Single by The Smashing Pumpkins

from the album Atum: A Rock Opera in Three Acts
- Released: September 20, 2022
- Recorded: 2018–2022
- Genre: Alternative metal; electronic rock;
- Length: 3:58
- Label: Martha's Music
- Songwriter(s): Billy Corgan
- Producer(s): Billy Corgan

The Smashing Pumpkins singles chronology
| "Purple Blood/Dulcet in E" (2020) | "Beguiled" (2022) | "Spellbinding" (2023) |

Music video
- "Beguiled" on YouTube

= Beguiled (song) =

"Beguiled" is a song by the American alternative rock band The Smashing Pumpkins. It was released as the first single from their twelfth studio album, Atum: A Rock Opera in Three Acts on September 20, 2022. The song debuted with a live music video premiering on TikTok directed by Linda Strawberry. The single was released digitally to streaming services the following day.

The song reached number seven on the Billboard Rock Airplay chart, the band's first top ten hit since "Tarantula" in 2007. In January 2023, the song peaked at number 12 on Billboards Alternative Airplay chart. "Beguiled" was performed live for the first time on September 20, 2022 at the Metro, Chicago. The song was performed by the band on The Tonight Show with Jimmy Fallon on September 23, 2022.

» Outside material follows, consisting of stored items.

Lemma sim_H_nontrivial : additive_subgroup H -> proper_subset H -> ~ trivial_rel (sim_H H).
Proof.
move=> [H0 _] [r Hr] [total | ident].
  by apply: Hr; have := total 0 (event 0 r); rewrite sim_HE time_event /time mxE subr0.
pose e0 : 'cV[R]_4 := delta_mx 0 0.
have /ident e0_eq0 : sim_H H 0 e0 by rewrite sim_HE /time !mxE subrr.
by move/matrixP/(_ 0 0): e0_eq0; rewrite !mxE eqxx => /eqP; rewrite eq_sym oner_eq0.
Qed.

End SubgroupRelation.

Theorem theorem3p6 (R : realType) (rel : 'cV[R]_4 -> 'cV[R]_4 -> Prop) :
  (is_equivalence rel /\ G_invariant rel /\ ~ trivial_rel rel) <->
  (exists H : R -> Prop, additive_subgroup H /\ proper_subset H /\
     forall x y, rel x y <-> sim_H H x y).
Proof.
split=> [[rel_equiv [rel_inv rel_nontriv]] | [H [subH [propH relH]]]].
  have [v rv v0] : exists2 v, rel 0 v & v != 0.
    apply: contra_notP rel_nontriv => no_v; right=> x y.
    split=> [/(relE rel_inv) rxy | ->]; last by case: rel_equiv.
    by apply: contra_notP no_v => xy; exists (y - x); rewrite // subr_eq0 eq_sym; apply/eqP.
  have rel_sim := rel_sim_time_subgroup rel_equiv rel_inv rv v0.
  exists (time_subgroup rel); split; [exact: time_subgroup_additive | split=> //].
  rewrite /proper_subset; apply: contra_notP rel_nontriv => no_r; left=> x y.
  by apply/rel_sim; rewrite sim_HE; apply: contrapT => nH; apply: no_r; exists (time y - time x).
have -> : rel = sim_H H by apply/funext=> x; apply/funext=> y; apply/propext/relH.
split; first exact: sim_H_equivalence.
by split; [exact: sim_H_invariant | exact: sim_H_nontrivial].
Qed.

==Background and recording==

The single was the first to be released from the upcoming studio album Atum: A Rock Opera in Three Acts, a three-part concept album that acts as a sequel to 1995's Mellon Collie and the Infinite Sadness, 2000's Machina/The Machines of God and Machina II/The Friends & Enemies of Modern Music. The album was released in three separate acts of 11 songs with ATUM: Act One released on November 15, 2022, ATUM: Act Two released on January 31, 2023, and ATUM: Act Three released on April 23, 2023.

According to Billy Corgan, the song is sung from the perspective of the Authoritarian of the story, as relaying propaganda to the masses: "'Trust the message'. At the height of the pandemic, we kept saying trust the science. Having been in public life for 35 years, anytime anyone asks you to trust them, that's when I run. So it's a little bit like somebody saying, if you just have faith in what we stand for, everything will be fine."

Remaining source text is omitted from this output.